Tuesday 30 August 2022

Greater Sand Plover: Cleveland, Redcar

Although the Greater Sand Plover was found on the evening of the 25th, we all had various family commitments preventing us from making the trip until today. Positive news of the bird's continued presence yesterday saw us set off on the 250 miles north at 4am. After a trouble-free journey, we pulled into the Majuba car park four hours later. After a 1.5km walk along the beach, we were soon looking at the Greater Sand Plover busily feeding among the Ringed Plovers. After watching it for over an hour it suddenly disappeared, later to be re-found opposite the bandstand at the car park end of the beach. This bird must surely be the same individual that was present at St Combs in Aberdeenshire earlier in the month.

A scan of the sea, beach, and rocks produced Gannet, Fulmar, Curlew, Whimbrel, Shag, Common Tern, Little Ringed Plover, Ringed Plover, Sanderling, Dunlin, and Redshank.

The first record for Britain was in 1978 at Pagham Harbour in West Sussex. A 1st winter bird that was present from the 9th December until the 1st January.

This species normally breed in the Middle East to Central Asia and winters in Southern Asia to Australasia and Southern Africa.

The area the Plover was feeding in when we arrived

Greater Sand Plover

In previous days there had been reports of a Red-backed Shrike a short distance away at South Gore, so we headed that way hoping to connect with it. After a brief search of the area with no success and other birders reporting they had, had no luck all morning we moved across the road and scanned the bay below. Several Little Terns were seen feeding in the flooded areas below and a local birder put us onto a single Curlew Sandpiper.

Wednesday 24 August 2022

Purple Heron: Weston Turville Reservoir, Buckinghamshire

A juvenile Purple Heron was reported at Weston Turville Reservoir on Monday, At the time we were at Rainham Marshes hoping the Wryneck would reappear, having gone missing some 2-3 hours earlier!

Yesterday there were regular reports of the bird's continued presence, and when it was again reported this morning we made the forty-five-mile journey into Buckinghamshire. Parking in the layby just outside the reservoir we climbed the steps to find a pleasant little Nature Reserve with fishing and sailing included. 

We took the path alongside the reservoir and soon joined a small group of birders. They were looking at a distant Willow tree, and the juvenile Purple Heron was perched among the branches. Apart from a couple of very brief flights, it remained in these trees throughout our visit.

Not the most inviting signage!

The Purple heron was perched in the trees at the back of the reservoir in the middle of the photo below.

Purple Heron

Below is a short video, filmed through the reeds while trying to avoid falling into the reservoir.

Monday 22 August 2022

Wryneck, Rainham Marshes

A late morning call from Brian had us heading to our local reserve of Rainham Marshes, hoping to connect with a Wryneck. It had been present yesterday and there had been a constant stream of reports throughout this morning.

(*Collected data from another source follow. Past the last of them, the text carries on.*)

Lemma card_unmatched : #|~: cover M| = n - 2 * #|M|.
Proof.
have E := cardsC (cover M); rewrite card_ord card_cover_matching in E.
by rewrite -[X in X - _]E addKn.
Qed.

Lemma Kn_minus_common_neighbour a b : 2 < n -> a != b -> ~~ Kn_minus M a b ->
  exists c, Kn_minus M a c && Kn_minus M c b.
Proof.
move=> n3 ab; rewrite /Kn_minus ab /= negbK => abM.
have [c] : exists c, c \notin [set a; b].
  by apply: exists_notin; rewrite card_ord (leq_ltn_trans (leq_card_setU _ _)) ?cards1.
rewrite !inE negb_or => /andP [ca cb]; exists c; rewrite eq_sym ca cb /=.
apply/andP; split.
  by apply: contra cb => cM; rewrite (matching_partner_uniq abM cM).
apply: contra ca => cM; rewrite setUC in cM; rewrite setUC in abM.
by rewrite (matching_partner_uniq cM abM).
Qed.

Lemma Kn_minus_connected (P : pred 'I_n) a b : 2 < n ->
  (forall x y, Kn_minus M x y -> P x -> P y) -> P a -> P b.
Proof.
move=> n3 closedP Pa; have [<- // | ab] := eqVneq a b.
have [adj_ab | nadj_ab] := boolP (Kn_minus M a b); first exact: closedP Pa.
have [c /andP [ac cb]] := Kn_minus_common_neighbour n3 ab nadj_ab.
exact: closedP cb (closedP _ _ ac Pa).
Qed.

Lemma Kn_minus_neighbour a : 2 < n -> exists b, Kn_minus M a b.
Proof.
move=> n3; have [b] : exists b, b \notin [set a].
  by apply: exists_notin; rewrite cards1 card_ord ltnW.
rewrite inE eq_sym => ab.
have [adj_ab | nadj_ab] := boolP (Kn_minus M a b); first by exists b.
have [c /andP [ac _]] := Kn_minus_common_neighbour n3 ab nadj_ab.
by exists c.
Qed.

Lemma Kn_minus_aut_of_blocks (s : {perm 'I_n}) :
  {in M, forall e : {set 'I_n}, s @: e \in M} -> is_aut (Kn_minus M) s.
Proof.
move=> sM; have inj : injective (fun A : {set 'I_n} => s @: A).
  exact/imset_inj/perm_inj.
have onto : [set s @: e | e : {set 'I_n} in M] = M.
  apply/eqP; rewrite eqEcard card_imset // leqnn andbT.
  by apply/subsetP => _ /imsetP [e eM ->]; apply: sM.
have memM (A : {set 'I_n}) : (s @: A \in M) = (A \in M).
  by rewrite -{1}onto; apply: mem_imset.
by apply/is_autP => a b; rewrite /Kn_minus (inj_eq perm_inj) -imset2 memM.
Qed.

Lemma aut_Kn_minus_block (s : {perm 'I_n}) e :
  is_aut (Kn_minus M) s -> e \in M -> s @: e \in M.
Proof.
move=> /is_autP aut eM; have /eqP/cards2P [a [b [ab def_e]]] := matchingM.1 e eM.
have := aut a b; rewrite /Kn_minus (inj_eq perm_inj) ab -def_e eM /=.
by rewrite def_e imset2 => /negbFE.
Qed.

Lemma aut_Kn_minusP (s : {perm 'I_n}) :
  reflect {in M, forall e : {set 'I_n}, s @: e \in M} (is_aut (Kn_minus M) s).
Proof.
apply: (iffP idP) => [aut e | ]; first exact: aut_Kn_minus_block.
exact: Kn_minus_aut_of_blocks.
Qed.

Lemma aut_Kn_minus_cover (s : {perm 'I_n}) x :
  is_aut (Kn_minus M) s -> (s x \in cover M) = (x \in cover M).
Proof.
suff cover_aut (r : {perm 'I_n}) y :
    is_aut (Kn_minus M) r -> y \in cover M -> r y \in cover M.
  move=> aut; apply/idP/idP; last exact: cover_aut.
  by move/(cover_aut _ _ (is_aut_inv aut)); rewrite permK.
move=> aut /bigcupP [e eM ye]; apply/bigcupP; exists (r @: e).
  exact: aut_Kn_minus_block.
exact: imset_f.
Qed.

Lemma Kn_minus_aut_swap (s : {perm 'I_n}) e1 e2 :
  e1 \in M -> e2 \in M -> s @: e1 = e2 -> s @: e2 = e1 ->
  (forall x, x \notin e1 -> x \notin e2 -> s x = x) -> is_aut (Kn_minus M) s.
Proof.
move=> e1M e2M se1 se2 fixed; apply/aut_Kn_minusP => e eM.
have [-> | ne1] := eqVneq e e1; first by rewrite se1.
have [-> | ne2] := eqVneq e e2; first by rewrite se2.
rewrite imset_fixed // => x xe.
by apply: fixed; apply: matching_disjoint xe.
Qed.

Lemma unmatched_collision_symmetry t (f : 'I_n -> 'I_t) :
  t < #|~: cover M| -> symmetric_labeling (Kn_minus M) f.
Proof.
move=> lt_t; have [a [b [aU bU ab fab]]] : exists a b,
    [/\ a \in ~: cover M, b \in ~: cover M, a != b & f a = f b].
  by apply: (pigeonhole (B := [set: 'I_t])); rewrite ?cardsT ?card_ord.
exists (tperm a b); split; last exact: tperm_label.
  by apply: (@perm_neq1 _ _ a); rewrite tpermL eq_sym.
apply/aut_Kn_minusP => e eM; rewrite imset_fixed // => x xe.
have xc : x \in cover M by apply/bigcupP; exists e.
by apply: tpermD; apply: contraTneq xc => <-; rewrite -in_setC.
Qed.

Lemma monochromatic_edge_symmetry L (f : 'I_n -> L) a b :
  [set a; b] \in M -> f a = f b -> symmetric_labeling (Kn_minus M) f.
Proof.
move=> abM fab; have ab := matching_neq abM.
have swap_ab : tperm a b @: [set a; b] = [set a; b] by rewrite imset2 tpermL tpermR setUC.
exists (tperm a b); split; last exact: tperm_label.
  by apply: (@perm_neq1 _ _ a); rewrite tpermL eq_sym.
apply: (Kn_minus_aut_swap abM abM) => // x; rewrite !inE negb_or => /andP [xa xb] _.
by apply: tpermD; rewrite eq_sym.
Qed.

Lemma equicoloured_edges_symmetry L (f : 'I_n -> L) a b c d :
  [set a; b] \in M -> [set c; d] \in M -> [set a; b] != [set c; d] ->
  f a = f c -> f b = f d -> symmetric_labeling (Kn_minus M) f.
Proof.
move=> abM cdM ne fac fbd; have ab := matching_neq abM; have cd := matching_neq cdM.
have : a \notin [set c; d] by apply: matching_disjoint abM cdM ne _; rewrite ?inE ?eqxx.
have : b \notin [set c; d] by apply: matching_disjoint abM cdM ne _; rewrite ?inE ?eqxx ?orbT.
rewrite !inE !negb_or => /andP [bc bd] /andP [ac ad].
pose s := (tperm a c * tperm b d)%g.
have sa : s a = c by rewrite permM tpermL tpermD // eq_sym.
have sb : s b = d by rewrite permM (tpermD ab) ?tpermL // eq_sym.
have sc : s c = a by rewrite permM tpermR tpermD // eq_sym.
have sd : s d = b by rewrite permM (tpermD ad) ?tpermR // eq_sym.
exists s; split.
- by apply: (@perm_neq1 _ _ a); rewrite sa eq_sym.
- apply: (Kn_minus_aut_swap abM cdM); rewrite ?imset2 ?sa ?sb ?sc ?sd // => x.
  rewrite !inE !negb_or => /andP [xa xb] /andP [xc xd].
  by rewrite permM !tpermD // eq_sym.
- by move=> x; rewrite permM tperm_label // tperm_label.
Qed.

Lemma matched_collision_symmetry t (f : 'I_n -> 'I_t) :
  'C(t, 2) < #|M| -> symmetric_labeling (Kn_minus M) f.
Proof.
move=> lt_t.
have [[e eM] | all2] := altP (@existsP _ (fun e => (e \in M) && (#|f @: e| != 2))).
  case/andP: eM => eM ne2; have /eqP/cards2P [a [b [_ def_e]]] := matchingM.1 e eM.
  apply: (monochromatic_edge_symmetry (a := a) (b := b)); first by rewrite -def_e.
  by apply/eqP; apply: contraNT ne2; rewrite def_e imset2 cards2 => ->.
have card2 e : e \in M -> #|f @: e| = 2.
  by move=> eM; apply/eqP; apply: contraNT all2 => ne2; apply/existsP; exists e; rewrite eM.
have [e1 [e2 [e1M e2M ne fe]]] : exists e1 e2,
    [/\ e1 \in M, e2 \in M, e1 != e2 & f @: e1 = f @: e2].
  apply: (pigeonhole (B := [set P : {set 'I_t} | #|P| == 2])).
    by move=> e eM; rewrite inE card2.
  by rewrite card_draws card_ord.
have /eqP/cards2P [a [b [_ def_e1]]] := matchingM.1 e1 e1M.
have /eqP/cards2P [c [d [_ def_e2]]] := matchingM.1 e2 e2M.
subst e1 e2; have fab : f a != f b.
  by have := card2 _ e1M; rewrite imset2 cards2; case: (f a != f b).
move: fe; rewrite !imset2 => /set2_inj /(_ fab) [[fac fbd] | [fad fbc]].
  exact: equicoloured_edges_symmetry e1M e2M ne fac fbd.
rewrite setUC in e2M ne; exact: equicoloured_edges_symmetry e1M e2M ne fad fbc.
Qed.

Section Labeling.

Variables (t : nat) (d : 'I_t).
Hypotheses (unmatched_le : #|~: cover M| <= t) (edges_le : #|M| <= 'C(t, 2)).

Definition edge_code (e : {set 'I_n}) : {set 'I_t} :=
  set_embed set0 M [set P : {set 'I_t} | #|P| == 2] e.

Definition matching_label (x : 'I_n) : 'I_t :=
  if x \in cover M then set_embed d (pblock M x) (edge_code (pblock M x)) x
  else set_embed d (~: cover M) setT x.

Let le_M_two_sets : #|M| <= #|[set P : {set 'I_t} | #|P| == 2]|.
Proof. by rewrite card_draws card_ord. Qed.

Lemma edge_code_inj : {in M &, injective edge_code}.
Proof. exact: set_embed_inj. Qed.

Lemma card_edge_code e : e \in M -> #|edge_code e| = 2.
Proof. by move=> eM; have := set_embed_mem set0 le_M_two_sets eM; rewrite inE => /eqP. Qed.

Lemma matching_label_imset e : e \in M -> matching_label @: e = edge_code e.
Proof.
move=> eM; have card_e : #|e| = #|edge_code e| by rewrite card_edge_code ?matchingM.1.
rewrite -(set_embed_onto d (eq_leq card_e) card_e).
apply: eq_in_imset => x xe; have xc : x \in cover M by apply/bigcupP; exists e.
by rewrite /matching_label xc (def_pblock matchingM.2 eM xe).
Qed.

Lemma matching_label_inj_edge e : e \in M -> {in e &, injective matching_label}.
Proof.
by move=> eM; apply/imset_injP; rewrite matching_label_imset // card_edge_code ?matchingM.1.
Qed.

Lemma matching_label_inj_unmatched : {in ~: cover M &, injective matching_label}.
Proof.
move=> x y xU yU; have := xU; have := yU.
rewrite /matching_label !inE => /negbTE -> /negbTE ->.
by apply: set_embed_inj; rewrite ?cardsT ?card_ord.
Qed.

Lemma matching_label_distinguishing : distinguishing (Kn_minus M) matching_label.
Proof.
move=> s aut fs; apply/permP => x; rewrite perm1.
have [xc | xU] := boolP (x \in cover M); last first.
  by apply: matching_label_inj_unmatched; rewrite ?inE ?aut_Kn_minus_cover.
have eM := pblock_mem xc; set e := pblock M x in eM *.
have xe : x \in e by rewrite mem_pblock.
have seM := aut_Kn_minus_block aut eM.
have se : s @: e = e.
  apply: edge_code_inj => //; rewrite -!matching_label_imset // -imset_comp.
  by apply: eq_imset => y; rewrite /= fs.
by apply: (matching_label_inj_edge eM) => //; rewrite -se imset_f.
Qed.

We arrived at Rainham around 12 and headed out along the path towards the "shooting Butts". The Wryneck was perched up in its favoured roosting tree. We were told that it regularly flew from this tree down onto the footpath and fed along the edges, but after twenty minutes of watching it in the tree, it flew in the opposite direction and into the adjoining field. Despite several hours of scanning, it was not seen again today. 

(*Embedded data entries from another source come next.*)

(* For x, y in E let rho x y be the infimum of the radii r <= 1 for which
   some path from x to y projects into the ball of radius r about p x.
   Concatenating paths gives the triangle inequality, so rho x y + rho y x is
   a pseudometric; its balls are neighbourhoods because E is locally
   path-connected.  Conversely, suppose paths gam_n start at x and project
   into the ball of radius 1/(n+1) about p x.  The paths p \o gam_n form a
   map from the arc-hedgehog with spines indexed by nat which is continuous at
   the wedge point, since the spines shrink.  Its lift agrees with gam_n on
   every spine by uniqueness of lifts of arcs, and continuity of the lift at
   the wedge point forces gam_n 1 to converge to x; hence every open set
   around x contains a rho-ball.  Uniqueness of lifts also shows that two
   topologically indistinguishable points of a fibre coincide, so the
   pseudometric separates points. *)

(* Continuity on the subspace [[0, 1]] in epsilon form, which unlike
   [{within `[0, 1], continuous g}] is easy to glue along [path_cat]. *)
Definition cont01 {T : topologicalType} (g : R -> T) : Prop :=
  forall t : R, 0 <= t <= 1 -> forall W, nbhs (g t) W ->
    exists e : R, 0 < e /\ forall s : R, 0 <= s <= 1 -> `|s - t| < e -> W (g s).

This was my first Wryneck since 2019, mainly due to covid restrictions. 


Monday 8 August 2022

Cape Gull: Grafham water, Cambridgeshire

Reports of a potential first for Britain yesterday and I had managed to miss all the reports! 

Brian managed to visit the site yesterday as he was only 30 miles away after working all day in his son's garden. I was left hoping the Cape Gull would remain for at least a further day to get the opportunity to visit.

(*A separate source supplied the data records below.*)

Lemma Pset_ecball a : a < N%:R^-1 ->
  (nu_neg (ecball x a) <= eps%:E * nu_pos (ecball x a))%E.
Proof.
move=> aN; have [K aK] := ltr_add_invr aN.
pose F n := eball x (a + (n + K).+1%:R^-1).
have F_rad n : a + (n + K).+1%:R^-1 < N%:R^-1.
  by apply: le_lt_trans aK; rewrite lerD2l lef_pV2 ?posrE // ler_nat ltnS leq_addl.
have FE : \bigcap_n F n = ecball x a.
  apply/seteqP; split=> y; rewrite /F /eball /ecball /=; last first.
    by move=> ya n _; apply: le_lt_trans ya _; rewrite ltrDl.
  move=> yF; rewrite leNgt; apply/negP => /ltr_add_invr[k ak].
  move: (yF k I); rewrite /= ltNge => /negP; apply; apply: le_trans (ltW ak).
  by rewrite lerD2l lef_pV2 ?posrE // ler_nat ltnS leq_addr.
have F_nonincr : nonincreasing_seq F.
  move=> n m nm; apply/subsetPset => y; rewrite /F /eball /= => yn.
  by apply: lt_le_trans yn _; rewrite lerD2l lef_pV2 ?posrE // ler_nat ltnS leq_add2r.
have mF n : measurable (F n) by exact: eball_measurable.
have cvg_pos : nu_pos \o F @ \oo --> nu_pos (ecball x a).
  rewrite -FE; apply: nonincreasing_cvg_mu => //; last by rewrite FE; exact: ecball_measurable.
  by rewrite ltey_eq fin_num_measure.
have cvg_eps_pos : (eps%:E * nu_pos (F n))%E @[n --> \oo] -->
    (eps%:E * nu_pos (ecball x a))%E by exact: cvgeZl.
rewrite -(cvg_lim _ cvg_eps_pos) //; apply: lime_ge.
  by apply/cvg_ex; eexists; exact: cvg_eps_pos.
apply: nearW => n /=; apply: le_trans (xP.2 _ (F_rad n)).
apply: le_measure; rewrite ?inE; [exact: ecball_measurable | exact: mF |].
by rewrite -FE; exact: (bigcap_inf (P := setT) (F := F)).
Qed.

Lemma Pset_radially_down_closed {S b} :
  0 <= b -> b < N%:R^-1 -> radially_down_closed x S -> S `<=` ecball x b ->
  (nu_neg S <= eps%:E * nu_pos S)%E.
Proof.
move=> b_ge0 bN Sdown Sb.
have [a ab [->|->]] := radially_down_closed_ball b_ge0 Sdown Sb.
  exact: xP.2 (le_lt_trans ab bN).
exact: Pset_ecball (le_lt_trans ab bN).
Qed.

Lemma Pset_profile_integral {phi : 'rV[R]_d -> R} {r : R} :
  0 <= eps -> 0 < r -> r < N%:R^-1 -> (forall y, 0 <= phi y) ->
  radially_decreasing phi -> supported_in_unit_ball phi ->
  (\int[nu_neg]_y (phi (r^-1 *: (y - x)))%:E
    <= eps%:E * \int[nu_pos]_y (phi (r^-1 *: (y - x)))%:E)%E.
Proof.
move=> eps_ge0 r_gt0 rN phi_ge0 phi_decr phi_supp.
have phi_le y : phi (r^-1 *: (y - x)) <= phi 0.
  by apply: phi_decr; rewrite enorm0 enorm_ge0.
have mg : measurable_fun setT (fun y : Rd R d => phi (r^-1 *: (y - x))).
  exact: rescaled_profile_measurable.
apply: (integral_le_of_superlevel_le mg (fun=> phi_ge0 _) phi_le eps_ge0) => t t_gt0.
apply: (Pset_radially_down_closed (ltW r_gt0) rN).
  exact: rescaled_superlevel_down_closed.
exact: rescaled_superlevel_sub_ecball.
Qed.

End Pset_balls.

Lemma measurable_fun_rescale {R : realType} {d : nat} (f : Rd R d -> R) (x : Rd R d) (c : R) :
  measurable_fun setT f -> measurable_fun setT (fun y : Rd R d => f (c *: (y - x))).
Proof.
move=> mf; apply: measurableT_comp mf _.
apply: measurability; first by reflexivity.
move=> _ [B oB <-].
rewrite setTI; apply: sub_sigma_algebra; apply: open_comp oB => y _.
apply: (continuousZ (s := fun=> c) (f := fun w : 'rV[R]_d => w - x)).
  exact: cst_continuous.
apply: (continuousB (f := id) (g := fun=> x)); [exact: cvg_id | exact: cst_continuous].
Qed.

Theorem lemma13 (R : realType) (d : nat) (nu : {charge set Rd R d -> \bar R})
  (Ap An : set (Rd R d)) (nuPN : hahn_decomposition nu Ap An)
  (eps : R) (N : nat) (x : Rd R d) (r : R)
  (phi psi : 'rV[R]_d -> R) :
  0 < eps -> (0 < N)%N ->
  Pset nuPN eps N x -> 0 < r -> r < N%:R^-1 ->
  radial phi -> (forall y, 0 <= phi y) -> supported_in_unit_ball phi ->
  radially_decreasing phi ->
  (forall y, phi y <= psi y) -> (forall y, psi y <= (2 * eps)^-1 * phi y) ->
  measurable_fun [set: Rd R d] (psi : Rd R d -> R) ->
  (* the integral of psi((y-x)/r) against nu is well defined *)
  ~ ((\int[jordan_pos nuPN]_y (psi (r^-1 *: (y - x)))%:E = +oo)%E /\
     (\int[jordan_neg nuPN]_y (psi (r^-1 *: (y - x)))%:E = +oo)%E) ->
  (\int[jordan_pos nuPN]_y (psi (r^-1 *: (y - x)))%:E
    <= 2%:E * signed_integral nuPN (fun y => (psi (r^-1 *: (y - x)))%:E))%E.
Proof.
move=> eps_gt0 _ xP r_gt0 rN _ phi_ge0 phi_supp phi_decr phi_psi psi_phi mpsi _.
pose g (y : Rd R d) := phi (r^-1 *: (y - x)).
pose h (y : Rd R d) := psi (r^-1 *: (y - x)).
have g_ge0 y : 0 <= g y by exact: phi_ge0.
have g_le_h y : g y <= h y by exact: phi_psi.
have h_ge0 y : 0 <= h y by exact: le_trans (g_ge0 y) (g_le_h y).
have two_eps_gt0 : 0 < 2 * eps by rewrite mulr_gt0.
have h_le_g y : 2 * eps * h y <= g y by rewrite -ler_pdivlMl //; exact: psi_phi.
have mg : measurable_fun setT g by exact: rescaled_profile_measurable.
have mh : measurable_fun setT h by exact: measurable_fun_rescale.
have neg_le : ((2 * eps)%:E * \int[jordan_neg nuPN]_y (h y)%:E
    <= \int[jordan_neg nuPN]_y (g y)%:E)%E.
  rewrite -ge0_integralZl //; last 3 first.
  - by apply/measurable_EFinP; exact: mh.
  - by move=> y _; rewrite lee_fin.
  - by rewrite lee_fin ltW.
  under eq_integral do rewrite -EFinM.
  apply: ge0_le_integral => //; last by move=> y _; rewrite lee_fin.
  - by move=> y _; rewrite lee_fin mulr_ge0 ?(ltW two_eps_gt0).
  - by apply/measurable_EFinP/measurable_funM.
  - exact/measurable_EFinP.
have pos_le : (\int[jordan_pos nuPN]_y (g y)%:E <= \int[jordan_pos nuPN]_y (h y)%:E)%E.
  apply: ge0_le_integral => //; last by move=> y _; rewrite lee_fin.
  - by move=> y _; rewrite lee_fin.
  - exact/measurable_EFinP.
  - exact/measurable_EFinP.
have g_cmp := Pset_profile_integral xP (ltW eps_gt0) r_gt0 rN phi_ge0 phi_decr phi_supp.
have neg_fin : (\int[jordan_neg nuPN]_y (h y)%:E)%E \is a fin_num.
  apply: (bounded_integral_fin_num ((2 * eps)^-1 * phi 0) mh h_ge0) => y.
  apply: le_trans (psi_phi _) (ler_wpM2l _ (phi_decr _ _ _)).
  - by rewrite invr_ge0 ltW.
  - by rewrite enorm0 enorm_ge0.
rewrite /signed_integral; apply: lee_twice_sub neg_fin _.
rewrite -(@lee_pmul2l _ eps%:E) // muleA -EFinM mulrC.
by apply: le_trans neg_le (le_trans g_cmp _); rewrite lee_wpmul2l // lee_fin ltW.
Qed.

At 5.30am the gull was reported as still present, we met up with Brian and were on the road by 6am. After a relatively short trip (63 miles) along the M25 and A1, we arrived at Grafham Water and headed along the walkway/cycle path bordering the reservoir. In the distance, we could see a large gathering of birders near the water tower. We soon joined them and quickly located the Cape Gull, which was resting on the railings leading to the tower. Panic over! we could now study the bird in more detail.

The Cape Gull spent the majority of the time we were on site resting on the railings, but did fly down to  the reservoir edge to feed on a dead trout, and occasionally flew down onto the water's surface when photographers threw bread onto the bank although it didn't seem remotely interested in the bread

There were Lesser black-backed Gulls, Yellow-legged Gulls, and numerous Black-headed Gulls present on the railings allowing for some nice comparisons between the larger species. The Cape Gull was slightly larger than the Yellow-legged Gulls and had a massive bill and long greenish legs.

There may be up to five subspecies of Kelp Gulls with L.d.dominicanus being the most widespread and found in New Zealand, Antarctica, and South America, whereas subspecies L.d.vetula commonly known as Cape Gull is found in Southern Africa.